What you need to do
Go to the line that includes "Inductive B4 : Type" and retype it, then every line after it to the end of the data, adding nothing.

***** Exercise material

(* ATL and rCTL are incomparable in expressiveness: (i) there is an ATL formula $\psi$ such that for no rCTL formula $\chi$ and truth value $u\in\mathbb{B}_4$ does it hold that $\mathcal{S},s\models\psi\iff V_{rCTL}(s,\chi)\succeq u$ for all concurrent game structures $\mathcal{S}$ and states $s$ (with $V_{rCTL}$ evaluated in the underlying Kripke structure of $\mathcal{S}$); and (ii) there are an rCTL formula $\chi$ and a truth value $u\in\mathbb{B}_4$ such that for no ATL formula $\psi$ does it hold that $\mathcal{S}_\mathcal{K},s\models\psi\iff V_{rCTL}(s,\chi)\succeq u$ for all Kripke structures $\mathcal{K}$ and states $s$.
   Context: Fix a finite set $\mathrm{AP}$ of atomic propositions. A concurrent game structure (CGS) is a tuple $\mathcal{S}=(St,Ag,Ac,\delta,\ell)$ where $St$ is a finite set of states, $Ag$ a finite set of agents, $Ac$ a finite set of actions, $\ell:St\to 2^{\mathrm{AP}}$ a labeling, and $\delta:St\times AV\to St$ a transition function, where $AV$ is the set of action vectors for $Ag$ (an action vector for $A\subseteq Ag$ is a map $A\to Ac$). A state $s'$ is a successor of $s$ if $s'=\delta(s,v)$ for some $v\in AV$. A path is an infinite sequence $\pi=s_0s_1s_2\cdots$ of states with $s_{n+1}$ a successor of $s_n$ for all $n$; write $\pi[n]=s_n$. A strategy for an agent is a function $f:St^+\to Ac$. For $A\subseteq Ag$ and a set $F_A=\{f_a\mid a\in A\}$ of strategies, one for each agent in $A$, $out(s,F_A)$ is the set of paths $s_0s_1\cdots$ with $s_0=s$ such that for every $n\ge 0$ there is $v\in AV$ with $v(a)=f_a(s_0\cdots s_n)$ for all $a\in A$ and $s_{n+1}=\delta(s_n,v)$. $\mathbb{B}_4=\{1111,0111,0011,0001,0000\}$ is totally ordered by $1111\succ0111\succ0011\succ0001\succ0000$; for $b=b_1b_2b_3b_4\in\mathbb{B}_4$ and $k\in\{1,2,3,4\}$, $b[k]=b_k$; max and min on $\mathbb{B}_4$ refer to this order, and on bits to $0<1$. ATL formulas: state formulas $\varphi::=p\mid\neg\varphi\mid\varphi\vee\varphi\mid\varphi\wedge\varphi\mid\varphi\to\varphi\mid\langle\!\langle A\rangle\!\rangle\Phi\mid[\![A]\!]\Phi$ and path formulas $\Phi::=\bigcirc\varphi\mid\Diamond\varphi\mid\Box\varphi$, with the standard Boolean semantics: $\mathcal{S},s\models p$ iff $p\in\ell(s)$; Boolean connectives as usual; $\mathcal{S},s\models\langle\!\langle A\rangle\!\rangle\Phi$ iff there is a set $F_A$ of strategies (one per agent in $A$) with $\mathcal{S},\pi\models\Phi$ for all $\pi\in out(s,F_A)$; $\mathcal{S},s\models[\![A]\!]\Phi$ iff for every such $F_A$ some $\pi\in out(s,F_A)$ satisfies $\mathcal{S},\pi\models\Phi$; $\mathcal{S},\pi\models\bigcirc\varphi$ iff $\mathcal{S},\pi[1]\models\varphi$; $\mathcal{S},\pi\models\Diamond\varphi$ iff $\mathcal{S},\pi[i]\models\varphi$ for some $i\ge0$; $\mathcal{S},\pi\models\Box\varphi$ iff $\mathcal{S},\pi[i]\models\varphi$ for all $i\ge0$. A Kripke structure is $\mathcal{K}=(S,I,R,L)$ with finite state set $S$, initial states $I\subseteq S$, transition relation $R\subseteq S\times S$ such that every state has an $R$-successor, and labeling $L:S\to2^{\mathrm{AP}}$; a path is an infinite sequence $s_0s_1\cdots$ with $(s_i,s_{i+1})\in R$; $\mathit{paths}(s)$ is the set of paths starting in $s$. rCTL formulas: state formulas $\varphi::=p\mid\neg\varphi\mid\varphi\vee\varphi\mid\varphi\wedge\varphi\mid\varphi\to\varphi\mid\exists\Phi\mid\forall\Phi$, path formulas $\Phi::=\dot\bigcirc\varphi\mid\dot\Diamond\varphi\mid\dot\Box\varphi$. The valuation $V_{rCTL}$ into $\mathbb{B}_4$: $V_{rCTL}(s,p)=1111$ if $p\in L(s)$, else $0000$; $\vee,\wedge$ are max, min; $V_{rCTL}(s,\neg\varphi)=0000$ if $V_{rCTL}(s,\varphi)=1111$, else $1111$; $V_{rCTL}(s,\varphi_1\to\varphi_2)=1111$ if $V_{rCTL}(s,\varphi_1)\preceq V_{rCTL}(s,\varphi_2)$, else $V_{rCTL}(s,\varphi_2)$; $V_{rCTL}(s,\exists\Phi)=\max_{\pi\in\mathit{paths}(s)}V_{rCTL}(\pi,\Phi)$, $V_{rCTL}(s,\forall\Phi)=\min_{\pi\in\mathit{paths}(s)}V_{rCTL}(\pi,\Phi)$; $V_{rCTL}(\pi,\dot\bigcirc\varphi)=V_{rCTL}(\pi[1],\varphi)$; $V_{rCTL}(\pi,\dot\Diamond\varphi)[k]=\max_{i\ge0}V_{rCTL}(\pi[i],\varphi)[k]$; $V_{rCTL}(\pi,\dot\Box\varphi)=b_1b_2b_3b_4$ with $b_1=\min_{i}V_{rCTL}(\pi[i],\varphi)[1]$, $b_2=\max_{i}\min_{j\ge i}V_{rCTL}(\pi[j],\varphi)[2]$, $b_3=\min_{i}\max_{j\ge i}V_{rCTL}(\pi[j],\varphi)[3]$, $b_4=\max_{i}V_{rCTL}(\pi[i],\varphi)[4]$. The underlying Kripke structure of a CGS $\mathcal{S}$ has the same states and labeling, with $R=\{(s,s')\mid s'\text{ is a successor of }s\}$. The CGS associated with $\mathcal{K}$ is $\mathcal{S}_\mathcal{K}=(S,\{a\},S,\delta,L)$ with a single agent $a$, actions $S$, and $\delta(s,s')=s'$ if $(s,s')\in R$, and $\delta(s,s')=s''$ for some fixed $s''$ with $(s,s'')\in R$ otherwise. *)

From mathcomp Require Import all_boot.
From mathcomp Require Import boolp.

Set Implicit Arguments.
Unset Strict Implicit.
Unset Printing Implicit Defensive.

Inductive B4 : Type := B1111 | B0111 | B0011 | B0001 | B0000.

Definition B4rank (b : B4) : nat :=
  match b with B1111 => 4 | B0111 => 3 | B0011 => 2 | B0001 => 1 | B0000 => 0 end.

Definition B4le (u v : B4) : bool := B4rank u <= B4rank v.

Definition B4max (u v : B4) : B4 := if B4le u v then v else u.
Definition B4min (u v : B4) : B4 := if B4le u v then u else v.

Definition B4bit (b : B4) (k : nat) : bool :=
  match b, k with
  | B1111, _ => true
  | B0111, 1 => false | B0111, _ => true
  | B0011, 1 => false | B0011, 2 => false | B0011, _ => true
  | B0001, 4 => true  | B0001, _ => false
  | B0000, _ => false
  end.

(* the element b1b2b3b4 of B4 with the given bits (for monotone bit
   vectors b1 <= b2 <= b3 <= b4, which is the only case arising) *)
Definition B4of (b1 b2 b3 b4 : bool) : B4 :=
  if b1 then B1111 else if b2 then B0111 else if b3 then B0011
  else if b4 then B0001 else B0000.

Definition B4sup (P : B4 -> Prop) : B4 :=
  if `[< P B1111 >] then B1111 else if `[< P B0111 >] then B0111
  else if `[< P B0011 >] then B0011 else if `[< P B0001 >] then B0001
  else B0000.
Definition B4inf (P : B4 -> Prop) : B4 :=
  if `[< P B0000 >] then B0000 else if `[< P B0001 >] then B0001
  else if `[< P B0011 >] then B0011 else if `[< P B0111 >] then B0111
  else B1111.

**********

Response
Inductive B4 : Type := B1111 | B0111 | B0011 | B0001 | B0000.

Definition B4rank (b : B4) : nat :=
  match b with B1111 => 4 | B0111 => 3 | B0011 => 2 | B0001 => 1 | B0000 => 0 end.

Definition B4le (u v : B4) : bool := B4rank u <= B4rank v.

Definition B4max (u v : B4) : B4 := if B4le u v then v else u.
Definition B4min (u v : B4) : B4 := if B4le u v then u else v.

Definition B4bit (b : B4) (k : nat) : bool :=
  match b, k with
  | B1111, _ => true
  | B0111, 1 => false | B0111, _ => true
  | B0011, 1 => false | B0011, 2 => false | B0011, _ => true
  | B0001, 4 => true  | B0001, _ => false
  | B0000, _ => false
  end.

(* the element b1b2b3b4 of B4 with the given bits (for monotone bit
   vectors b1 <= b2 <= b3 <= b4, which is the only case arising) *)
Definition B4of (b1 b2 b3 b4 : bool) : B4 :=
  if b1 then B1111 else if b2 then B0111 else if b3 then B0011
  else if b4 then B0001 else B0000.

Definition B4sup (P : B4 -> Prop) : B4 :=
  if `[< P B1111 >] then B1111 else if `[< P B0111 >] then B0111
  else if `[< P B0011 >] then B0011 else if `[< P B0001 >] then B0001
  else B0000.
Definition B4inf (P : B4 -> Prop) : B4 :=
  if `[< P B0000 >] then B0000 else if `[< P B0001 >] then B0001
  else if `[< P B0011 >] then B0011 else if `[< P B0111 >] then B0111
  else B1111.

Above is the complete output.